The computational procedure of Feng-Doolittle method is described as below:
(a) Construct a half-matrix of n (n-1) distances between all pairs of n sequences using standard pair wise alignment of dynamic programming method.
(b) Construct a phylogeny tree from the distance matrix using a tree clustering algorithm, which gives a representation of the relationships between the sequences. In this tree, sequences that are similar are arranged close to each other, and sequences that are dissimilar are arranged further away.

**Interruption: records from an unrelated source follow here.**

(* An A^w_n-module: a bounded complex (C, d) with the actions of the
   generators xi_i (bidegree (-1,2)) and u (bidegree (-2,4)) satisfying the
   defining relations of A^w_n (graded commutativity, xi_i^2 = 0, B_n acting
   through the R^e_n-linear structure) and [d, a] = d(a) on generators. *)
Record amod (w : {perm 'I_n}) := AMod {
  cx_of : gcx;
  dC : cmap cx_of;
  xiC : 'I_n -> cmap cx_of;
  uC : cmap cx_of;
  dC_hom : chom dC 1 0;
  xiC_hom : forall i, chom (xiC i) (-1) 2;
  uC_hom : chom uC (-2) 4;
  dC2 : forall j k, ccomp dC dC j k = 0;
  xiC_sq : forall i j k, ccomp (xiC i) (xiC i) j k = 0;
  xiC_anti : forall i i' j k,
    ccomp (xiC i) (xiC i') j k = - ccomp (xiC i') (xiC i) j k;
  xiC_u : forall i j k, ccomp (xiC i) uC j k = ccomp uC (xiC i) j k;
  Bn_rel : forall m : nat, (0 < m <= n)%N -> forall j k,
    (\sum_i xv i ^+ m - \sum_i xv' i ^+ m) *: ide cx_of j k = 0;
  d_xi : forall i j k,
    ccomp dC (xiC i) j k + ccomp (xiC i) dC j k
    = (xv i - xv' (w i)) *: ide cx_of j k;
  d_u : forall j k,
    ccomp dC uC j k - ccomp uC dC j k
    = \sum_i (xv i + xv' (w i)) *: xiC i j k
}.

Definition mi := {ffun 'I_n -> nat}.
Definition msz (a : mi) : nat := (\sum_i a i)%N.
Definition munit (i : 'I_n) : mi := [ffun j => nat_of_bool (j == i)].
Definition madd (a b : mi) : mi := [ffun j => (a j + b j)%N].
Definition membed N (b : {ffun 'I_n -> 'I_N}) : mi := [ffun i => nat_of_ord (b i)].

(* maps of y(C) = (+)_alpha C y^alpha, as matrices: F j k a b is the component
   C^j y^b -> C^k y^a (C^j y^b sits in bidegree shifted by (2|b|, -2|b|)). *)
Definition ymap (C : gcx) := forall (j k : int) (a b : mi), Hom C j k.

Definition yhom (C : gcx) (F : ymap C) (m q : int) : Prop :=
  forall j k a b,
    (k + 2 * (msz a)%:Z != j + 2 * (msz b)%:Z + m -> F j k a b = 0) /\
    qdeg (F j k a b) (q - 2 * (msz b)%:Z + 2 * (msz a)%:Z).

(* composition F o G of maps of y(C), G homogeneous of homological degree m:
   the intermediate multi-index b satisfies |b| <= |c| + |len + m| for every
   nonzero term, so the (column-finite) matrix product is this finite sum. *)
Definition ybound (C : gcx) (m : int) (c : mi) : nat :=
  (msz c + `|(len C)%:Z + m|).+1.

Definition ycomp (C : gcx) (m : int) (F G : ymap C) : ymap C :=
  fun j l a c => \sum_(k <- krange C)
    \sum_(b : {ffun 'I_n -> 'I_(ybound C m c)})
      comp (F k l a (membed b)) (G j k (membed b) c).

Definition ysupcomm (C : gcx) (mF mG : int) (F G : ymap C) : ymap C :=
  fun j l a c => ycomp mG F G j l a c
    - ((-1) ^+ `|mF * mG|) *: ycomp mF G F j l a c.

Section YOps.
Variables (w : {perm 'I_n}) (M : amod w).

(* D = d + sum_i xi_i y_i *)
Definition yD : ymap (cx_of M) := fun j k a b =>
  (if a == b then dC M j k else 0)
  + \sum_i (if a == madd b (munit i) then xiC M i j k else 0).

(* e = u + sum_i (x_i + x'_{w(i)}) d/dy_i *)
Definition ye : ymap (cx_of M) := fun j k a b =>
  (if a == b then uC M j k else 0)
  + \sum_i (if b == madd a (munit i)
            then ((xv i + xv' (w i)) *: ide (cx_of M) j k) *+ b i else 0).
End YOps.

End Defs.

From Pilot Require Import Defs.
From HB Require Import structures.
From mathcomp Require Import all_boot all_order all_algebra all_fingroup.
From mathcomp Require Import mpoly.
From mathcomp Require Import zify.
Set Implicit Arguments. Unset Strict Implicit. Unset Printing Implicit Defensive.
Import Order.TTheory GRing.Theory Num.Theory.
Local Open Scope ring_scope.

(* Since |D| |e| is even, [D, e] = De - eD, and it
   splits into four commutators.  [d, u] = sum_i X_i xi_i is a defining
   relation of A^w_n; [d, X_i d/dy_i] = 0 because X_i is central and d does not
   touch y; [xi_i y_i, u] = 0 because xi_i and u commute; and
   [xi_i y_i, X_i' d/dy_i'] = - delta_(i,i') X_i xi_i by the canonical
   commutation relation [d/dy_i', y_i] = delta_(i,i').  The sum vanishes.
   In the matrix model of y(C), a product whose right factor is F, F y_i or
   F d/dy_i has a single intermediate multi-index, which reduces everything
   to composition in C. *)

Lemma if_sum (V : zmodType) I (r : seq I) (p : bool) (F : I -> V) :
  (if p then \sum_(i <- r) F i else 0) = \sum_(i <- r) (if p then F i else 0).
Proof. by case: p; rewrite // big1. Qed.

Section Composition.
Variables (R : comRingType) (n : nat) (C : gcx R n).
Local Notation H := (Defs.Hom C).
Local Notation cmp := (@Defs.comp _ _ C _ _ _).

Lemma comp0l j k l (g : H j k) : cmp (0 : H k l) g = 0.
Proof. by apply: (addrI (cmp 0 g)); rewrite -compDl !addr0. Qed.

Lemma comp0r j k l (f : H k l) : cmp f (0 : H j k) = 0.
Proof. by apply: (addrI (cmp f 0)); rewrite -compDr !addr0. Qed.

Lemma comp_suml j k l I (r : seq I) (P : pred I) (F : I -> H k l) (g : H j k) :
  cmp (\sum_(i <- r | P i) F i) g = \sum_(i <- r | P i) cmp (F i) g.
Proof. by elim/big_rec2: _ => [|i x y _ <-]; rewrite ?comp0l ?compDl. Qed.

Lemma comp_sumr j k l I (r : seq I) (P : pred I) (F : I -> H j k) (f : H k l) :
  cmp f (\sum_(i <- r | P i) F i) = \sum_(i <- r | P i) cmp f (F i).
Proof. by elim/big_rec2: _ => [|i x y _ <-]; rewrite ?comp0r ?compDr. Qed.

Lemma comp_ifl j k l (b : bool) (f : H k l) (g : H j k) :
  cmp (if b then f else 0) g = if b then cmp f g else 0.
Proof. by case: b; rewrite ?comp0l. Qed.

Lemma compMnl j k l m (f : H k l) (g : H j k) : cmp (f *+ m) g = cmp f g *+ m.
Proof. by elim: m => [|m IH]; rewrite ?mulr0n ?comp0l // !mulrS compDl IH. Qed.
From mathcomp Require Import all_boot all_order all_algebra.
From mathcomp Require Import all_classical all_reals all_analysis.
From mathcomp Require Import ring lra zify.
Set Implicit Arguments. Unset Strict Implicit. Unset Printing Implicit Defensive.
Import Order.TTheory GRing.Theory Num.Theory.
Local Open Scope classical_set_scope.
Local Open Scope ring_scope.

(* Two mechanisms cover the five distances.  ed, prf and ced satisfy
   d(x, y) >= F |x| - F |y| for a nondecreasing F tending to infinity: F n = n
   for ed and prf, and the harmonic numbers H for ced, because a unit edit
   u -> v changes the length by at most one and so costs
   1/max(|u|,|v|) >= H |u| - H |v|.  Hence d(x_k, y_k) -> +oo = sup d.
   ned and ged are at most 1 and at least 1 - |y|/|x|, and |y_k|/|x_k| -> 0,
   so d(x_k, y_k) -> 1 = sup d. *)

Lemma sub_count_predU (T : Type) (a a1 a2 : pred T) (s : seq T) :
  subpred a (predU a1 a2) -> (count a s <= count a1 s + count a2 s)%N.
Proof. by move=> sub; rewrite -count_predUI (leq_trans (sub_count sub s)) ?leq_addr. Qed.

Section EditPaths.
Variable Sigma : finType.
Implicit Types (x y u : word Sigma) (p : seq (edit_op Sigma)).

Definition edit_src p : word Sigma := flatten [seq opt_word o.1 | o <- p].
Definition edit_tgt p : word Sigma := flatten [seq opt_word o.2 | o <- p].

Lemma size_edit_src p : size (edit_src p) = count (fun o => o.1 != None) p.
Proof. by rewrite /edit_src; elim: p => //= [[[a|] b]] p IH; rewrite size_cat IH. Qed.
(* There exist instances of arbitrarily large size of scheduling a single job with a general DAG dependency graph such that the optimal makespan is $\Omega(\sqrt{\mu_j}(\Delta_j+T_j))$; that is, there is a constant $\kappa>0$ such that for arbitrarily large $\mu_j$ there is a single-job instance with $\mu_j$ coflows whose optimal makespan is at least $\kappa\sqrt{\mu_j}(\Delta_j+T_j)$.
   Context: Model. $m$ servers, each a sender and a receiver. A coflow is an $m\times m$ nonnegative integer matrix $(d_{sr})$ of unit packets from sender $s$ to receiver $r$. A job $j$ has $\mu_j$ coflows $\mathcal{D}^{(cj)}$ and a DAG $G_j$; edge $c_1\to c_2$ means no packet of $c_2$ is sent before all packets of $c_1$ are sent. Each slot, each sender sends at most one packet and each receiver receives at most one. The makespan of a feasible schedule is the end of its last used slot. Effective size of a coflow: $D=\max\{\max_s\sum_rd_{sr},\max_r\sum_sd_{sr}\}$. $\Delta_j$ is the effective size of $\sum_c\mathcal{D}^{(cj)}$; $T_j$ is the maximum over directed paths in $G_j$ of the sum of effective sizes of the coflows on the path. *)

From mathcomp Require Import all_boot.
Set Implicit Arguments. Unset Strict Implicit. Unset Printing Implicit Defensive.

(* A single job: m servers, mu coflows, coflow c is the m x m nat matrix
   (fun s r => D c s r) of unit packets from sender s to receiver r;
   E is the edge relation of the dependency graph G_j on coflows. *)
#[local] Unset Implicit Arguments.
Record job := Job {
  nserv : nat;
  mu : nat;
  coflow : 'I_mu -> 'I_nserv -> 'I_nserv -> nat;
  dep : rel 'I_mu
}.
#[local] Set Implicit Arguments.

Definition is_dag (J : job) : Prop :=
  forall c1 c2 : 'I_(mu J), dep J c1 c2 -> ~~ connect (dep J) c2 c1.

Definition coflows_nonempty (J : job) : Prop :=
  forall c : 'I_(mu J), exists s r, 0 < coflow J c s r.

Definition eff_size (m : nat) (d : 'I_m -> 'I_m -> nat) : nat :=
  maxn (\max_(s < m) \sum_(r < m) d s r) (\max_(r < m) \sum_(s < m) d s r).

Definition Delta_j (J : job) : nat :=
  eff_size (fun s r => \sum_(c < mu J) coflow J c s r).

Definition ceff (J : job) (c : 'I_(mu J)) : nat := eff_size (coflow J c).

(* In a DAG every
   directed path has at most mu vertices, i.e. k < mu edges. *)
Definition T_j (J : job) : nat :=
  \max_(k < mu J) \max_(c0 : 'I_(mu J))
     \max_(t : k.-tuple 'I_(mu J) | path (dep J) c0 t)
        (ceff c0 + \sum_(c <- t) ceff c).

(* A schedule assigns to the k-th packet (k < d_sr) from s to r of coflow c
   its time slot sched c s r k; slot t >= 1 is the time interval [t-1, t]. *)
Definition schedule (J : job) := 'I_(mu J) -> 'I_(nserv J) -> 'I_(nserv J) -> nat -> nat.

Definition feasible (J : job) (sched : schedule J) : Prop :=
  (forall c s r k, k < coflow J c s r -> 1 <= sched c s r k) /\
  (forall c c' s r r' k k', k < coflow J c s r -> k' < coflow J c' s r' ->
     (c, r, k) <> (c', r', k') -> sched c s r k <> sched c' s r' k') /\
  (forall c c' s s' r k k', k < coflow J c s r -> k' < coflow J c' s' r ->
     (c, s, k) <> (c', s', k') -> sched c s r k <> sched c' s' r k') /\
  (forall c1 c2, dep J c1 c2 ->
     forall s r k s' r' k', k < coflow J c1 s r -> k' < coflow J c2 s' r' ->
       sched c1 s r k < sched c2 s' r' k').

Definition makespan (J : job) (sched : schedule J) : nat :=
  \max_(c < mu J) \max_(s < nserv J) \max_(r < nserv J)
     \max_(k < coflow J c s r) sched c s r k.

(* Take n.+1 * n.+1 one-packet coflows arranged in an n.+1 x n.+1 grid: the
   coflow in cell (i, j) sends its packet from sender i to receiver j, and
   every coflow of row i.+1 depends on every coflow of row i.  All packets of
   a row leave the same sender, so a row occupies n.+1 distinct slots, and
   the rows are processed one after another: the makespan is at least
   (n.+1)^2.  On the other hand each coflow has effective size 1, a path
   visits at most one coflow per row, and the total demand is the all-ones
   matrix, so Delta_j and T_j are both at most n.+1 = sqrt mu_j. *)
From mathcomp Require Import all_boot.
From Stdlib Require Import Reals.
From mathcomp Require Import zify.
From Stdlib Require Import Lra.
Set Implicit Arguments. Unset Strict Implicit.

Lemma sum_eq_indicator (T : finType) (x : T) : \sum_(y : T) ((y == x) : nat) = 1.
Proof. by rewrite (bigD1 x) //= eqxx big1 // => y /negbTE ->. Qed.

Lemma eff_size_le (m b : nat) (d : 'I_m -> 'I_m -> nat) :
  (forall s r, d s r <= b) -> eff_size d <= m * b.
Proof.
move=> le_db; have sum_le (F : 'I_m -> nat) : (forall i, F i <= b) -> \sum_i F i <= m * b.
  move=> le_Fb; apply: (@leq_trans (\sum_(i < m) b)); first exact: leq_sum.
  by rewrite sum_nat_const card_ord.
by rewrite geq_max; apply/andP; split; apply/bigmax_leqP => i _; apply: sum_le => j.
Qed.

Lemma eff_size_unit_le1 (m : nat) (a b : 'I_m) :
  eff_size (fun s r => ((s == a) && (r == b)) : nat) <= 1.
Proof.
rewrite /eff_size geq_max; apply/andP; split; apply/bigmax_leqP => i _.
- by rewrite -(sum_eq_indicator b) leq_sum // => r _; do 2 case: eqP.
- by rewrite -(sum_eq_indicator a) leq_sum // => s _; do 2 case: eqP.
Qed.

Lemma path_rank_last (T : Type) (e : rel T) (f : T -> nat) :
  (forall x y, e x y -> f y = (f x).+1) ->
  forall x p, path e x p -> f (last x p) = f x + size p.
Proof.
move=> e_succ x p; elim: p x => [|y p IHp] x /=; first by rewrite addn0.
by case/andP=> /e_succ exy /IHp ->; rewrite exy addSnnS.
Qed.

Lemma injective_ord_ge (m L : nat) (f : 'I_m.+1 -> nat) :
  injective f -> (forall j, L < f j) -> exists j, L + m.+1 <= f j.
Proof.
move=> inj_f gt_fL.
case: (boolP [exists j, L + m.+1 <= f j]) => [/existsP //|/existsPn small].
have : size (map f (enum 'I_m.+1)) <= size (iota L.+1 m).
  apply: uniq_leq_size; first by rewrite map_inj_uniq ?enum_uniq.
  move=> _ /mapP [j _ ->]; rewrite mem_iota gt_fL /= addSnnS ltnNge; exact: small.
by rewrite size_map size_enum_ord size_iota ltnn.
Qed.

Section Grid.

Variable n : nat.
Local Notation k := n.+1.

Lemma grid_row_subproof (c : 'I_(k * k)) : c %/ k < k.
Proof. by rewrite ltn_divLR. Qed.

Lemma grid_cell_subproof (i j : 'I_k) : i * k + j < k * k.
Proof. have := ltn_ord i; have := ltn_ord j; nia. Qed.

Definition grid_row (c : 'I_(k * k)) : 'I_k := Ordinal (grid_row_subproof c).
Definition grid_col (c : 'I_(k * k)) : 'I_k := Ordinal (ltn_pmod c (ltn0Sn n)).
Definition grid_cell (i j : 'I_k) : 'I_(k * k) := Ordinal (grid_cell_subproof i j).

Lemma grid_row_cell i j : grid_row (grid_cell i j) = i.
Proof. by apply: val_inj; rewrite /= divnMDl // divn_small ?addn0. Qed.

Lemma grid_col_cell i j : grid_col (grid_cell i j) = j.
Proof. by apply: val_inj; rewrite /= modnMDl modn_small. Qed.

Lemma grid_cellP c i j : (i == grid_row c) && (j == grid_col c) = (c == grid_cell i j).
Proof.
apply/andP/eqP => [[/eqP -> /eqP ->] | ->]; last by rewrite grid_row_cell grid_col_cell.
by apply: val_inj; rewrite /= -divn_eq.
Qed.

Definition grid_job : job :=
  Job k (k * k) (fun c s r => ((s == grid_row c) && (r == grid_col c)) : nat)
      (fun c1 c2 => grid_row c2 == (grid_row c1).+1 :> nat).

Lemma grid_packet (c : 'I_(mu grid_job)) :
  0 < coflow grid_job c (grid_row c) (grid_col c).
Proof. by rewrite /= !eqxx. Qed.

Lemma grid_cell_packet i j : 0 < coflow grid_job (grid_cell i j) i j.
Proof. by rewrite /= grid_row_cell grid_col_cell !eqxx. Qed.

Lemma grid_path_row (c : 'I_(mu grid_job)) p :
  path (dep grid_job) c p -> grid_row (last c p) = grid_row c + size p :> nat.
Proof.
by apply: (path_rank_last (f := fun c : 'I_(k * k) => val (grid_row c))) => ? ? /eqP.
Qed.

Lemma grid_dag : is_dag grid_job.
Proof.
move=> c1 c2 /eqP row_c2; apply/negP => /connectP [p /grid_path_row + last_c1].
by rewrite -last_c1 row_c2; lia.
Qed.

Lemma grid_T_le : T_j grid_job <= k.
Proof.
apply/bigmax_leqP => m _; apply/bigmax_leqP => c0 _; apply/bigmax_leqP => t path_t.
have := ltn_ord (grid_row (last c0 t)); rewrite grid_path_row // size_tuple => row_lt.
have m_lt : m < k by apply: leq_ltn_trans row_lt; rewrite leq_addl.
apply: leq_trans m_lt; rewrite -add1n leq_add ?eff_size_unit_le1 //.
by rewrite -{2}(size_tuple t) -sum1_size leq_sum // => c _; apply: eff_size_unit_le1.
Qed.

Lemma grid_Delta_le : Delta_j grid_job <= k.
Proof.
rewrite -[k in _ <= k]muln1; apply: eff_size_le => s r /=.
by under eq_bigr do rewrite grid_cellP; rewrite sum_eq_indicator.
Qed.

Lemma grid_packet_slot_le_makespan (sched : schedule grid_job) c :
  sched c (grid_row c) (grid_col c) 0 <= makespan sched.
Proof.
apply: leq_trans (leq_bigmax c); apply: leq_trans (leq_bigmax (grid_row c)).
apply: leq_trans (leq_bigmax (grid_col c)).
exact: (leq_bigmax (F := fun l : 'I_(coflow grid_job c _ _) => sched c _ _ l)
                   (Ordinal (grid_packet c))).
Qed.

Section FeasibleSchedule.

Variable sched : schedule grid_job.
Hypothesis sched_feasible : feasible sched.

Let slot (i j : 'I_k) := sched (grid_cell i j) i j 0.

Lemma grid_slotE i j :
  slot i j = sched (grid_cell i j) (grid_row (grid_cell i j)) (grid_col (grid_cell i j)) 0.
Proof. by rewrite grid_row_cell grid_col_cell. Qed.

Lemma grid_slot_injective i : injective (slot i).
Proof.
have [_ [sender_once _]] := sched_feasible.
move=> j1 j2 eq_slot; case: (eqVneq j1 j2) => // neq_j; exfalso.
apply: (sender_once _ _ _ _ _ 0 0 (grid_cell_packet i j1) (grid_cell_packet i j2) _ eq_slot).
by case=> _ eq_j; rewrite eq_j eqxx in neq_j.
Qed.

Lemma grid_slot_row_lt (i i' : 'I_k) j j' : i' = i.+1 :> nat -> slot i j < slot i' j'.
Proof.
have [_ [_ [_ precedence]]] := sched_feasible.
move=> row_succ.
apply: (precedence _ _ _ _ _ _ _ _ _ (grid_cell_packet i j) (grid_cell_packet i' j')).
by apply/eqP; rewrite !grid_row_cell row_succ.
Qed.

Lemma grid_row_slot_spread i L : (forall j, L < slot i j) -> exists j, L + k <= slot i j.
Proof. exact: injective_ord_ge (@grid_slot_injective i). Qed.

Lemma grid_row_slot_ge i (lt_ik : i < k) : exists j, k * i.+1 <= slot (Ordinal lt_ik) j.
Proof.
elim: i lt_ik => [|i IHi] lt_ik.
  have [positive _] := sched_feasible.
  have [j] := grid_row_slot_spread (i := Ordinal lt_ik)
                (fun j => positive _ _ _ 0 (grid_cell_packet _ j)).
  by exists j; rewrite muln1.
have [j0 le_j0] := IHi (ltnW lt_ik).
have row_lt j : slot (Ordinal (ltnW lt_ik)) j0 < slot (Ordinal lt_ik) j.
  exact: grid_slot_row_lt.
have [j] := grid_row_slot_spread (fun j => leq_ltn_trans le_j0 (row_lt j)).
by exists j; rewrite mulnSr.
Qed.

Lemma grid_makespan_ge : k * k <= makespan sched.
Proof.
have [j] := grid_row_slot_ge (ltnSn n); rewrite grid_slotE => le_slot.
exact: leq_trans le_slot (grid_packet_slot_le_makespan _ _).
Qed.

End FeasibleSchedule.

End Grid.

Theorem lemma2 :
  exists kappa : R, (0 < kappa)%R /\
    forall N : nat, exists J : job,
      (N <= mu J)%N /\ is_dag J /\ coflows_nonempty J /\
      forall sched : schedule J, feasible sched ->
        (kappa * sqrt (INR (mu J)) * INR (Delta_j J + T_j J) <= INR (makespan sched))%R.
Proof.
exists (/ 2)%R; split; first lra.
move=> N; exists (grid_job N); split; first by rewrite /=; nia.
split; first exact: grid_dag.
split; first by move=> c; exists (grid_row c), (grid_col c); apply: grid_packet.
move=> sched feas.
have le_nat : N.+1 * (Delta_j (grid_job N) + T_j (grid_job N)) <= 2 * makespan sched.
  apply: leq_trans (leq_mul (leqnn 2) (grid_makespan_ge feas)).
  by rewrite mulnCA leq_mul2l mul2n -addnn leq_add ?grid_Delta_le ?grid_T_le.
change (mu (grid_job N)) with (N.+1 * N.+1).
move/leP/le_INR: le_nat; rewrite !mult_INR sqrt_square ?[INR 2]/=; first lra.
exact: pos_INR.
Qed.
(* The largest root in (i, k] would be connected to k, hence to i < it. *)
Lemma connect_parents E i k w : increasing_rooted_forest E -> linked_to_pred E ->
  connect (adj E) i k -> i < w <= k -> has_parent E w.
Proof.
move=> forestE linked ik iwk; apply: contraT => w_root.
have w_root_in : (i < w <= k) && ~~ has_parent E w by rewrite iwk.
have [r /andP[irk r_root] rmax] :=
  @arg_maxnP _ w (fun x => (i < x <= k) && ~~ has_parent E x) val w_root_in.
have rk : connect (adj E) r k.
  apply: connect_interval linked _ _; first by case/andP: irk.
  move=> x /andP[rx xk]; apply: contraT => x_root.
  have ix : i < x by case/andP: irk => ir _; exact: ltn_trans ir rx.
  by move: (rmax x); rewrite ix xk x_root /= leqNgt rx => /(_ isT).
have ri : connect (adj E) r i by rewrite (connect_trans rk) // adj_connect_sym.
case/andP: irk => ir _; by have := root_connect_ge forestE r_root ri; rewrite leqNgt ir.
Qed.

Lemma components_orderedP E :
  reflect (forall i j k, i < j < k -> connect (adj E) i k -> connect (adj E) i j)
          (components_ordered E).
Proof.
apply: (iffP forallP) => [ordered i j k /andP[ij jk] ik | ordered i].
  by move/forallP: (ordered i) => /(_ j)/forallP/(_ k)/implyP; apply; rewrite ij jk.
apply/forallP => j; apply/forallP => k; apply/implyP => /andP[/andP[ij jk] ik].
by apply: ordered ik; rewrite ij.
Qed.

Lemma priority_forest_linked E : priority_forest E -> linked_to_pred E.
Proof.
case/andP=> forestE /components_orderedP ordered w /existsP[p pw].
have /= pw_lt := forest_edge_lt forestE pw.
have [p_lt | p_ge] := ltnP p (vpred w).
  apply: connect_trans _ (edge_connect pw); rewrite adj_connect_sym.
  by apply: ordered (edge_connect pw); rewrite p_lt val_vpred; lia.
suff -> : vpred w = p by apply: edge_connect.
by apply/val_inj => /=; move: p_ge; rewrite val_vpred; lia.
Qed.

(c) The nearest two sequences as indicated by the guide tree are aligned using a pair wise alignment method. The next nearest sequence is then added to this alignment, and so on, until all sequences are part of the MSA. The procedure continues iteratively.
Using the above procedure for the respective protein sequences shown in Figure 1, the pair-wise similarity scores are constructed using CLUSTALW. The half matrix of n (n-1) distances between all pairs of five sequences using standard pair-wise alignment is shown in Table 2. Based on the pair-wise similarity scores, the phylogeny tree obtained is shown in Figure 2.
The final step of this algorithm was implemented with the support of EMBOSS, a tool for pair-wise sequence alignment. In this illustration, the nearest two sequences as indicated in phylogeny tree are initially aligned using a standard pair-wise alignment method. The next nearest sequences is then added to this alignment, and continues, until five sequences are part of the multiple sequence alignment method. Then, the pair-wise similarity scores with default parameters are performed using a standard dynamic programming method, called Needleman-Wunsch. The respective results are shown in Table 3.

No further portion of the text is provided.